Collection entries
╭──
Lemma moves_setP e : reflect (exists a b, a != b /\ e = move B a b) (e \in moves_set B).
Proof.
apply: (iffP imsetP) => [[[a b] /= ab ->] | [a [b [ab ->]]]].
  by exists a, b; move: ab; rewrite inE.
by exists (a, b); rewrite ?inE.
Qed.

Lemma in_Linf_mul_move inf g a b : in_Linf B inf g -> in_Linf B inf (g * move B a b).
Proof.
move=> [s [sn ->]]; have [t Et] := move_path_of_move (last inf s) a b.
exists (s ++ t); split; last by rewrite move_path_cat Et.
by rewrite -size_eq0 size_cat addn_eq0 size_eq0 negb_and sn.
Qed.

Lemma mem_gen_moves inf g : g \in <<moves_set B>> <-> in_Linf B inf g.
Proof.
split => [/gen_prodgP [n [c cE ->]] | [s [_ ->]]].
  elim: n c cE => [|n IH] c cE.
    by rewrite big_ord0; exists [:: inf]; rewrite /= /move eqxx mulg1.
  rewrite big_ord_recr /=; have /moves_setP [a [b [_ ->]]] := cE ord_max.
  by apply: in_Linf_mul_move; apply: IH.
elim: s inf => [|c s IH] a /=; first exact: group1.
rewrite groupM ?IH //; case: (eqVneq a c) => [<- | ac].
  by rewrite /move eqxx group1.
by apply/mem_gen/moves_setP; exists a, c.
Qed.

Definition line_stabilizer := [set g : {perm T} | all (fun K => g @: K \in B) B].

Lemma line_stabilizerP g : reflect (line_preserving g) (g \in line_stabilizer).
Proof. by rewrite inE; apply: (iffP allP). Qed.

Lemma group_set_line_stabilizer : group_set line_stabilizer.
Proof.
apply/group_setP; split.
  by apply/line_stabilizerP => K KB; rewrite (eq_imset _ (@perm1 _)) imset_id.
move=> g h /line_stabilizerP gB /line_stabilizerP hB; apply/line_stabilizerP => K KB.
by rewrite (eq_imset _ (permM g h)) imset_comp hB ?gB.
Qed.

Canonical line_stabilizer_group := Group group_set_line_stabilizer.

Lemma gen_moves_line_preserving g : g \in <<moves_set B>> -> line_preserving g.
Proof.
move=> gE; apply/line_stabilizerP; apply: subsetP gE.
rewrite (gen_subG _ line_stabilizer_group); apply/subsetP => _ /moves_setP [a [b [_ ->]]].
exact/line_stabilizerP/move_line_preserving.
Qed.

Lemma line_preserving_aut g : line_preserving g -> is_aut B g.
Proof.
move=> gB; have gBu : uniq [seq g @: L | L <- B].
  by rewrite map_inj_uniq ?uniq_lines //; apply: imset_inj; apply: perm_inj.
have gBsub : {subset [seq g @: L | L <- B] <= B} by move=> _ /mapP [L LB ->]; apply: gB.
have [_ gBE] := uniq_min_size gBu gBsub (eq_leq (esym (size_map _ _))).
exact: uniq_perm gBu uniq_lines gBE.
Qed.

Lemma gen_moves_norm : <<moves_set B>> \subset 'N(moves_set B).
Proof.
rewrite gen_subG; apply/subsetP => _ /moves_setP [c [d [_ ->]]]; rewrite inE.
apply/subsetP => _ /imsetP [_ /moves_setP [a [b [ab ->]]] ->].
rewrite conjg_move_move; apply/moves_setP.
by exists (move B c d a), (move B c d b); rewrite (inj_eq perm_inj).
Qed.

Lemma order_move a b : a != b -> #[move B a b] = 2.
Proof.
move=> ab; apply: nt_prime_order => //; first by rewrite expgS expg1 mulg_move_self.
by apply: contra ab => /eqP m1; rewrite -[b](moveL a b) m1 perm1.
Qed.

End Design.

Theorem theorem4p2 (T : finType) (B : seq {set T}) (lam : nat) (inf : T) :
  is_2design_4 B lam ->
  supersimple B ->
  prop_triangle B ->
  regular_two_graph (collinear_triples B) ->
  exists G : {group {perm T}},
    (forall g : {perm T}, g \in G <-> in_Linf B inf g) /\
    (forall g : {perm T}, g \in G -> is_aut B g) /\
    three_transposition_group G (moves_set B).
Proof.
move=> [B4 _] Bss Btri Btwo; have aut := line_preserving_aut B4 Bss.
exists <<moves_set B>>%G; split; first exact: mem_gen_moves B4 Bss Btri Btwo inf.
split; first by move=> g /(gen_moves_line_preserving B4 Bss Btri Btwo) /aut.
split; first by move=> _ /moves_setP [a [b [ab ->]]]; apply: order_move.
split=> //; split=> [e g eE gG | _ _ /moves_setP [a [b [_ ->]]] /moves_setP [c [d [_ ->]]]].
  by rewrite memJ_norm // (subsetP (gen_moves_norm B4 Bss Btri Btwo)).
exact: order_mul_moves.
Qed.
╰──
╭──
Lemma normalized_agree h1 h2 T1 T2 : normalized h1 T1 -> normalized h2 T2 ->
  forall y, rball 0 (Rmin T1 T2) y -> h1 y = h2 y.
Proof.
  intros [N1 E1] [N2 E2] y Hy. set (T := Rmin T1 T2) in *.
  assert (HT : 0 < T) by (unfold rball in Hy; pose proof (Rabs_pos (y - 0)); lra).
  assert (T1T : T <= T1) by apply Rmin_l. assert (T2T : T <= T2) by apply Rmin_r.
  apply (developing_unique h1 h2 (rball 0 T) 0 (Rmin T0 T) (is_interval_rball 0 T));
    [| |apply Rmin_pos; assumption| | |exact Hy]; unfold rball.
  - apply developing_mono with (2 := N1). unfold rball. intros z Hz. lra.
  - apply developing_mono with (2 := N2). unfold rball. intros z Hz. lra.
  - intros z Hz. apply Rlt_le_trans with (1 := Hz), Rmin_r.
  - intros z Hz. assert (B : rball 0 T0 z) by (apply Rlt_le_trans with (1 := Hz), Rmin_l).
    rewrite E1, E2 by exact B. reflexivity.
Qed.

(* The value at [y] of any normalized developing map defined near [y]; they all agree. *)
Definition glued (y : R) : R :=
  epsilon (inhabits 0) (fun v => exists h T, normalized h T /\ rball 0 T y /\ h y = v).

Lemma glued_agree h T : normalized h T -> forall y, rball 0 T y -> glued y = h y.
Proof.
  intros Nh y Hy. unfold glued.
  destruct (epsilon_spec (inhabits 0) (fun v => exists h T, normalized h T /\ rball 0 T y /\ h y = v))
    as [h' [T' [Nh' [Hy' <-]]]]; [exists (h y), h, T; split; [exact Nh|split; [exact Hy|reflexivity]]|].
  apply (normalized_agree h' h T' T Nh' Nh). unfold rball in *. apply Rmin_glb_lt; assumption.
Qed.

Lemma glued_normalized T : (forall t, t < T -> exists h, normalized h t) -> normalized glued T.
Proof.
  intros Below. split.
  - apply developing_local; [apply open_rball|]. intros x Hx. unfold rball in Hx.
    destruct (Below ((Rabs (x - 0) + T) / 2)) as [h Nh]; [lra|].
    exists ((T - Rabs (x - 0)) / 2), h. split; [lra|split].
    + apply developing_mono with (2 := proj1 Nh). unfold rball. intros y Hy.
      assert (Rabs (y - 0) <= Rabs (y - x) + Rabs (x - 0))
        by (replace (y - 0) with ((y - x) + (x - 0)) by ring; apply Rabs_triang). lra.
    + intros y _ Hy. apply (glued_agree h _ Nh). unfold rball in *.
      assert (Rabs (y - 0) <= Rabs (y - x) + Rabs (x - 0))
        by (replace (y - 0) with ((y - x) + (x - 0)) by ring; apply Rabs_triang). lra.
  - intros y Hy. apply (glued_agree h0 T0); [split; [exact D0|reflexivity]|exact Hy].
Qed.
╰──
╭──
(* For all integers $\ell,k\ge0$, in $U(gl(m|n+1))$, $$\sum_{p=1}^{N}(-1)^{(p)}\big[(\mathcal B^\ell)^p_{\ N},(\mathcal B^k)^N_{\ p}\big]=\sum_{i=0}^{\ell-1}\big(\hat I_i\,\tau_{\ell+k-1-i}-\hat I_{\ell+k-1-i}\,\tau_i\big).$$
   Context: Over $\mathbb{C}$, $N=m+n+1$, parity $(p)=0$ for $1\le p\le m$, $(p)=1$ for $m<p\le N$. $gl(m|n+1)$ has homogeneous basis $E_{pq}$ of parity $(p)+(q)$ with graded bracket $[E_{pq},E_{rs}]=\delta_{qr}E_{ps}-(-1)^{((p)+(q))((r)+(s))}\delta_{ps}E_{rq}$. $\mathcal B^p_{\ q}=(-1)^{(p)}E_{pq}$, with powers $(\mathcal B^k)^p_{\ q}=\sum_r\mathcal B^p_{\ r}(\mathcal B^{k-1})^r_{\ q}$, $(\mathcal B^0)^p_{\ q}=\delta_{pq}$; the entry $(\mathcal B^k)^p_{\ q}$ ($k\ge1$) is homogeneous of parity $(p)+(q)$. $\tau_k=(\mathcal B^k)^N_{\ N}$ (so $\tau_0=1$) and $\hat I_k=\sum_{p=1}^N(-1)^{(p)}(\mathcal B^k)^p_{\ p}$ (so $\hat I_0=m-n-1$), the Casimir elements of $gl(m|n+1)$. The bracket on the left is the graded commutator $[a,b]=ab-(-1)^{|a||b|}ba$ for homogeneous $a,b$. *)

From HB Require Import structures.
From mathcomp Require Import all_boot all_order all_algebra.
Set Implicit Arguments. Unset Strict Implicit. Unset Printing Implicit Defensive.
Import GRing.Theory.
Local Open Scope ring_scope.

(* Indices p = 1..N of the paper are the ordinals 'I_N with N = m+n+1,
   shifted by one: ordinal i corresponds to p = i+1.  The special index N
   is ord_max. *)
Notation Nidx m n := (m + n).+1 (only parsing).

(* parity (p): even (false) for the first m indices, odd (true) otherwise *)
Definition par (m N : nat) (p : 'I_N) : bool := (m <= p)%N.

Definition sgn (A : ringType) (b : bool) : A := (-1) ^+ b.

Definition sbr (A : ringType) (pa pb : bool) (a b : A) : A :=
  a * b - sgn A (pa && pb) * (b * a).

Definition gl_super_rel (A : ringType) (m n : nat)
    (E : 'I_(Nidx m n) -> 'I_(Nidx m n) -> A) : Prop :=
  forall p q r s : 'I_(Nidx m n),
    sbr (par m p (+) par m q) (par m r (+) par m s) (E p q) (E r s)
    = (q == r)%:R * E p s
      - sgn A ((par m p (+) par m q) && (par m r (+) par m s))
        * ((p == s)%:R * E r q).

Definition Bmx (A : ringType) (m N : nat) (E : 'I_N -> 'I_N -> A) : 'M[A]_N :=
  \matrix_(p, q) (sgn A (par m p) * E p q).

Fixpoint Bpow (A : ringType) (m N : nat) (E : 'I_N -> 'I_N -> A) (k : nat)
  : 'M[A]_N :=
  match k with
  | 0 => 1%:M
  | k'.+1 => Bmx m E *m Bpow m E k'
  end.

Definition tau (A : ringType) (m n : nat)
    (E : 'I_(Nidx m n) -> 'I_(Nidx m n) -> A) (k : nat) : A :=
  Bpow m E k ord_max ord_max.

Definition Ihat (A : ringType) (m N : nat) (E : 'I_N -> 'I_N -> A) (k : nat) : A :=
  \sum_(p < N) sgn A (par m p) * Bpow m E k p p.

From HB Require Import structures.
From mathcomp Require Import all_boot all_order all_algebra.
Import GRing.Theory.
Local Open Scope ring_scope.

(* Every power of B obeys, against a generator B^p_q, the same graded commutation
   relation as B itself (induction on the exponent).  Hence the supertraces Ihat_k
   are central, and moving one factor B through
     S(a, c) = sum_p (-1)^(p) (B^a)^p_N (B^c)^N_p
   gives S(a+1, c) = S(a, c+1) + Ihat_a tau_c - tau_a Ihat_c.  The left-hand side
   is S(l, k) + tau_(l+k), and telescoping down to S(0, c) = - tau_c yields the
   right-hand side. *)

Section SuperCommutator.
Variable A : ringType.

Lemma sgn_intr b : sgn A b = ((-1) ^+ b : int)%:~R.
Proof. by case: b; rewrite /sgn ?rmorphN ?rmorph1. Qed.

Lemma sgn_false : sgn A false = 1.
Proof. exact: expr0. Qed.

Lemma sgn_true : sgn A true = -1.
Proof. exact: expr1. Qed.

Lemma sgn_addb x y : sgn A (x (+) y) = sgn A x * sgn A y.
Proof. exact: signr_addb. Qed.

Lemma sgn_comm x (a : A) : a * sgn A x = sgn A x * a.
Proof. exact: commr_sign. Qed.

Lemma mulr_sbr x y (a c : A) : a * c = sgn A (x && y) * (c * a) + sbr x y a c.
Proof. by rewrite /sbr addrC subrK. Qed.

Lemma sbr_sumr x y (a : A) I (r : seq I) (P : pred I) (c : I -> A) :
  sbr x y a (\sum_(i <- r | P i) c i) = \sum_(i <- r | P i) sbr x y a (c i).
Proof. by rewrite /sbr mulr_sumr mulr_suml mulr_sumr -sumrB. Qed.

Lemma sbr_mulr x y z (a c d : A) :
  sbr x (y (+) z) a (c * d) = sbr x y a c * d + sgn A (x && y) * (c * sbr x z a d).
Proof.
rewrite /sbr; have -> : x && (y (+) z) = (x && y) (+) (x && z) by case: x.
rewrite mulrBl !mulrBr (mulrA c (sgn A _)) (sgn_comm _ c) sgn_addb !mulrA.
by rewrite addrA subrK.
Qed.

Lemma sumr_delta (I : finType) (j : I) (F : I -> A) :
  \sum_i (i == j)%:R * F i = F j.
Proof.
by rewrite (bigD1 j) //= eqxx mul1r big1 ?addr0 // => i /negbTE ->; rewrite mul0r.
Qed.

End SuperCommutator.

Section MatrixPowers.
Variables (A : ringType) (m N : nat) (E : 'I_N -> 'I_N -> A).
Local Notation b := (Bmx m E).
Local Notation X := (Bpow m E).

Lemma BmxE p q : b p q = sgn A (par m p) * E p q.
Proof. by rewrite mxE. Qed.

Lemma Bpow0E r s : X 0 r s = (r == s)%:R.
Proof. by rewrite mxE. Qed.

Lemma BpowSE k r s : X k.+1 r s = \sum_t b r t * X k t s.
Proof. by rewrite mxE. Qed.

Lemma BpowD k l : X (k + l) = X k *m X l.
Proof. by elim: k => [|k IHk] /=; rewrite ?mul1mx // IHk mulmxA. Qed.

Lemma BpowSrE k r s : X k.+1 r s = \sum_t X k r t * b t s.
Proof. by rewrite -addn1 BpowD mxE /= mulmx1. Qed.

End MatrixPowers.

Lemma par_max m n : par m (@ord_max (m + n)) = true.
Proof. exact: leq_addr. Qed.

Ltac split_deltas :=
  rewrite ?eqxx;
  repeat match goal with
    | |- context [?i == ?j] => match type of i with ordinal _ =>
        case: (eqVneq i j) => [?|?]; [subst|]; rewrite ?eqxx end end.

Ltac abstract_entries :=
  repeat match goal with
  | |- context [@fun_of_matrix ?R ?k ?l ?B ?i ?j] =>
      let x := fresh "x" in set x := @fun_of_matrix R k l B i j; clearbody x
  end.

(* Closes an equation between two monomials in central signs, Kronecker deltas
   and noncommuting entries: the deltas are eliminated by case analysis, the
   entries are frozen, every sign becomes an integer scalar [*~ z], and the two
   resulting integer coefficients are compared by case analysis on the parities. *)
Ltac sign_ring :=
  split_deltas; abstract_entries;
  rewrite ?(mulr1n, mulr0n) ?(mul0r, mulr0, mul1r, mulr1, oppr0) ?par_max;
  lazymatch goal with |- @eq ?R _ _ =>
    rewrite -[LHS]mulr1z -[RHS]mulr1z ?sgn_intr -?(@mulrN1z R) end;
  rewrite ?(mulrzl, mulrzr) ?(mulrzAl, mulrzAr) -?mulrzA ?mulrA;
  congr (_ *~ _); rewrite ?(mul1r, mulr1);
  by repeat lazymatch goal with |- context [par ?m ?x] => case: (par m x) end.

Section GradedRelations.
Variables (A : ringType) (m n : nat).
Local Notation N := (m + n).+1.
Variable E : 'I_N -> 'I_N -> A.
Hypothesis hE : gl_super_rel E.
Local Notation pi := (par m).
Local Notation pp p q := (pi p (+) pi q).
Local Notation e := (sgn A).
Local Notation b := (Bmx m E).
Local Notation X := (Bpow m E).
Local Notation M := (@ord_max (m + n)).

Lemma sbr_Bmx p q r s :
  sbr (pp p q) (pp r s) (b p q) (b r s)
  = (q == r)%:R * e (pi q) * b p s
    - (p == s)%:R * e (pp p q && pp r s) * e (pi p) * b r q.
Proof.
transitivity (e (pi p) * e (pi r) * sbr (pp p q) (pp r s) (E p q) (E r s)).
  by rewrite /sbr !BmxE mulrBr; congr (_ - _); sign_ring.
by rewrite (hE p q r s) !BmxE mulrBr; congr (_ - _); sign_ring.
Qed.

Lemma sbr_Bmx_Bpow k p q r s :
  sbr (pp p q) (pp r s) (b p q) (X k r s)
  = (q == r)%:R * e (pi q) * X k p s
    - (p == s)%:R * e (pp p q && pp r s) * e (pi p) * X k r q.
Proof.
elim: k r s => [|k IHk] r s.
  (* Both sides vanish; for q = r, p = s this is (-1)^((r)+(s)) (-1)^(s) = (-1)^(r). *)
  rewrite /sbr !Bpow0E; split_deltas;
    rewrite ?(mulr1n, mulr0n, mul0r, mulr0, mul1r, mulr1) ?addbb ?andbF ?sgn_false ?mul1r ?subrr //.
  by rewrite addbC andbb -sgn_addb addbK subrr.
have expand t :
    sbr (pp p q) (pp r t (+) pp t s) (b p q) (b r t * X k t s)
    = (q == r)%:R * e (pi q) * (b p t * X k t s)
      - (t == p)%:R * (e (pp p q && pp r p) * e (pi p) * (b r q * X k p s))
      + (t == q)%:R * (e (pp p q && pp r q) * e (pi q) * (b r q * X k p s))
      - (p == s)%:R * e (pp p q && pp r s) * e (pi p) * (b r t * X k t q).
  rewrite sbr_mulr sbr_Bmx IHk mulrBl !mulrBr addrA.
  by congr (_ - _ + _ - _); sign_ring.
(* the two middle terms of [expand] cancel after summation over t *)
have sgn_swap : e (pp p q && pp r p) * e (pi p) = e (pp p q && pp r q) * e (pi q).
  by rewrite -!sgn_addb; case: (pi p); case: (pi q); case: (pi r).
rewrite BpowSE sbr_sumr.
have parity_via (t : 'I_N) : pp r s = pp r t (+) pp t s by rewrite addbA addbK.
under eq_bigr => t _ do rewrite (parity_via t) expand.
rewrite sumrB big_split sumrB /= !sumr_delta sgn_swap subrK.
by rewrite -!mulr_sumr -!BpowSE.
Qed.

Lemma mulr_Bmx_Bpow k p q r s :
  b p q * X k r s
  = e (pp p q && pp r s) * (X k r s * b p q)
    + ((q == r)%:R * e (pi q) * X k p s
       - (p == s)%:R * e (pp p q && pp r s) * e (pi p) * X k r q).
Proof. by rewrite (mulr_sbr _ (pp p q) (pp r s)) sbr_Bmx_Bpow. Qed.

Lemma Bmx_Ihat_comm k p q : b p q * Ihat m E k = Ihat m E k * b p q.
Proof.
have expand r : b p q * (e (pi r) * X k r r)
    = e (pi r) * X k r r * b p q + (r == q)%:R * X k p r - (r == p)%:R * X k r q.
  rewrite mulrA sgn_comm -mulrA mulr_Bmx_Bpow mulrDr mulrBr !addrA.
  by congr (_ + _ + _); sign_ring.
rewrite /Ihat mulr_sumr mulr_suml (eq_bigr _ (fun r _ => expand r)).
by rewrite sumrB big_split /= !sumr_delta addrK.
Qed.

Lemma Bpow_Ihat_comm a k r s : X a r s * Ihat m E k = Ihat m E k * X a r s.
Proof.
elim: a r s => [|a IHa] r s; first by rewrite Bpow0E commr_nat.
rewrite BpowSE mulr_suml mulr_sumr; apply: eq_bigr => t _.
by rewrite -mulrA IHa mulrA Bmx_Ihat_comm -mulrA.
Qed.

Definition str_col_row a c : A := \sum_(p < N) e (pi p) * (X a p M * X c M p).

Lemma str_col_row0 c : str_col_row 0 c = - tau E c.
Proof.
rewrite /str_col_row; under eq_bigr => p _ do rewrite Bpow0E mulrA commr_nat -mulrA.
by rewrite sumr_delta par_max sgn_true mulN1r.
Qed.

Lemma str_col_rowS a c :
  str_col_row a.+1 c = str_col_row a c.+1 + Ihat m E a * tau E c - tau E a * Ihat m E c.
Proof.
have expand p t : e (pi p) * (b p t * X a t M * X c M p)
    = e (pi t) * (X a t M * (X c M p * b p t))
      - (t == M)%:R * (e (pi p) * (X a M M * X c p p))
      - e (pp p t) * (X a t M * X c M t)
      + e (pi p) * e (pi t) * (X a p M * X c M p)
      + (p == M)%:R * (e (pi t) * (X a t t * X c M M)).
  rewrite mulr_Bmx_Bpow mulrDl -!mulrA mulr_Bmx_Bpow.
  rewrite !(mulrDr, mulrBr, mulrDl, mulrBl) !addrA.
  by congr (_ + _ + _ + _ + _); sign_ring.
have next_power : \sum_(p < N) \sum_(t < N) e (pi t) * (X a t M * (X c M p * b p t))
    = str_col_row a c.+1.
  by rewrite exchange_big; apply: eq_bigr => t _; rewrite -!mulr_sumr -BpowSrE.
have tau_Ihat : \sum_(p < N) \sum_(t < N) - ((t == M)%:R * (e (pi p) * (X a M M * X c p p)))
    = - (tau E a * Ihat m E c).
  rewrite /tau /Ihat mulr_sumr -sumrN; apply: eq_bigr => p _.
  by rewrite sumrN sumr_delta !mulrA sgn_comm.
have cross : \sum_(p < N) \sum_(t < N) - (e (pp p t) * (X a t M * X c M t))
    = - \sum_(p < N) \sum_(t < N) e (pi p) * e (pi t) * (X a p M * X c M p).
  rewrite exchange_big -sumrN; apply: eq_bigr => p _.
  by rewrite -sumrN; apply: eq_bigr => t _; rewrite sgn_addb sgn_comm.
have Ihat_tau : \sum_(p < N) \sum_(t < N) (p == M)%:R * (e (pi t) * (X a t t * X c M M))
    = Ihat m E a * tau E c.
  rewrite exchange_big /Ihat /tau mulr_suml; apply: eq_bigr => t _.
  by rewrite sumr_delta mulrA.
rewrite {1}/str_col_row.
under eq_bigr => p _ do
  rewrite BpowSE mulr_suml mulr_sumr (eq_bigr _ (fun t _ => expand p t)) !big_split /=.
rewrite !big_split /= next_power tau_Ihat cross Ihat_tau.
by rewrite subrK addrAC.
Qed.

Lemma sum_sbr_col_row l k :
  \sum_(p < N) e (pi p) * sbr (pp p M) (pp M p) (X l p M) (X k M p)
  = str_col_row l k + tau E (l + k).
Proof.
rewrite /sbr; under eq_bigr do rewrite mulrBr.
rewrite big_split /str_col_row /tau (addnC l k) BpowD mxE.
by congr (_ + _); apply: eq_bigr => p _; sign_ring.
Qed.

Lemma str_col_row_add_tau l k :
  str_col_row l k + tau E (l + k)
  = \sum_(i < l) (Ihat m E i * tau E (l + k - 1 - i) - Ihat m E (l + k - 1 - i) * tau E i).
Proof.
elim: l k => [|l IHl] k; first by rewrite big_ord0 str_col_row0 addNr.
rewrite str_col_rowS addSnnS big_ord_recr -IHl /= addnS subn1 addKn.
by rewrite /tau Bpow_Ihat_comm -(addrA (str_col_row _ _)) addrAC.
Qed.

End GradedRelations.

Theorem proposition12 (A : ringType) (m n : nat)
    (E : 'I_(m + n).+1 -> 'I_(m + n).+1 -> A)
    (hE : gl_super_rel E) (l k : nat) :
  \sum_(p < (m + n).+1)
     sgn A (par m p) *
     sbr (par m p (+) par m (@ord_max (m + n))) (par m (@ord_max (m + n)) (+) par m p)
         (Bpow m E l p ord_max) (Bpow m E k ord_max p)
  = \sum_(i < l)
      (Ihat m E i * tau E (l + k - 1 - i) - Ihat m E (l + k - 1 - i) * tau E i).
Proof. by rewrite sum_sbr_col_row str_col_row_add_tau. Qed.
╰──
# PROBLEM TO SOLVE
Copy out the range of lines above starting at the line with "Lemma moves_setP e" and ending at the line with "Canonical line_stabilizer_group := Group", exactly and including both.

# ANSWER TO THE PROBLEM
Lemma moves_setP e : reflect (exists a b, a != b /\ e = move B a b) (e \in moves_set B).
Proof.
apply: (iffP imsetP) => [[[a b] /= ab ->] | [a [b [ab ->]]]].
  by exists a, b; move: ab; rewrite inE.
by exists (a, b); rewrite ?inE.
Qed.

Lemma in_Linf_mul_move inf g a b : in_Linf B inf g -> in_Linf B inf (g * move B a b).
Proof.
move=> [s [sn ->]]; have [t Et] := move_path_of_move (last inf s) a b.
exists (s ++ t); split; last by rewrite move_path_cat Et.
by rewrite -size_eq0 size_cat addn_eq0 size_eq0 negb_and sn.
Qed.

Lemma mem_gen_moves inf g : g \in <<moves_set B>> <-> in_Linf B inf g.
Proof.
split => [/gen_prodgP [n [c cE ->]] | [s [_ ->]]].
  elim: n c cE => [|n IH] c cE.
    by rewrite big_ord0; exists [:: inf]; rewrite /= /move eqxx mulg1.
  rewrite big_ord_recr /=; have /moves_setP [a [b [_ ->]]] := cE ord_max.
  by apply: in_Linf_mul_move; apply: IH.
elim: s inf => [|c s IH] a /=; first exact: group1.
rewrite groupM ?IH //; case: (eqVneq a c) => [<- | ac].
  by rewrite /move eqxx group1.
by apply/mem_gen/moves_setP; exists a, c.
Qed.

Definition line_stabilizer := [set g : {perm T} | all (fun K => g @: K \in B) B].

Lemma line_stabilizerP g : reflect (line_preserving g) (g \in line_stabilizer).
Proof. by rewrite inE; apply: (iffP allP). Qed.

Lemma group_set_line_stabilizer : group_set line_stabilizer.
Proof.
apply/group_setP; split.
  by apply/line_stabilizerP => K KB; rewrite (eq_imset _ (@perm1 _)) imset_id.
move=> g h /line_stabilizerP gB /line_stabilizerP hB; apply/line_stabilizerP => K KB.
by rewrite (eq_imset _ (permM g h)) imset_comp hB ?gB.
Qed.

Canonical line_stabilizer_group := Group group_set_line_stabilizer.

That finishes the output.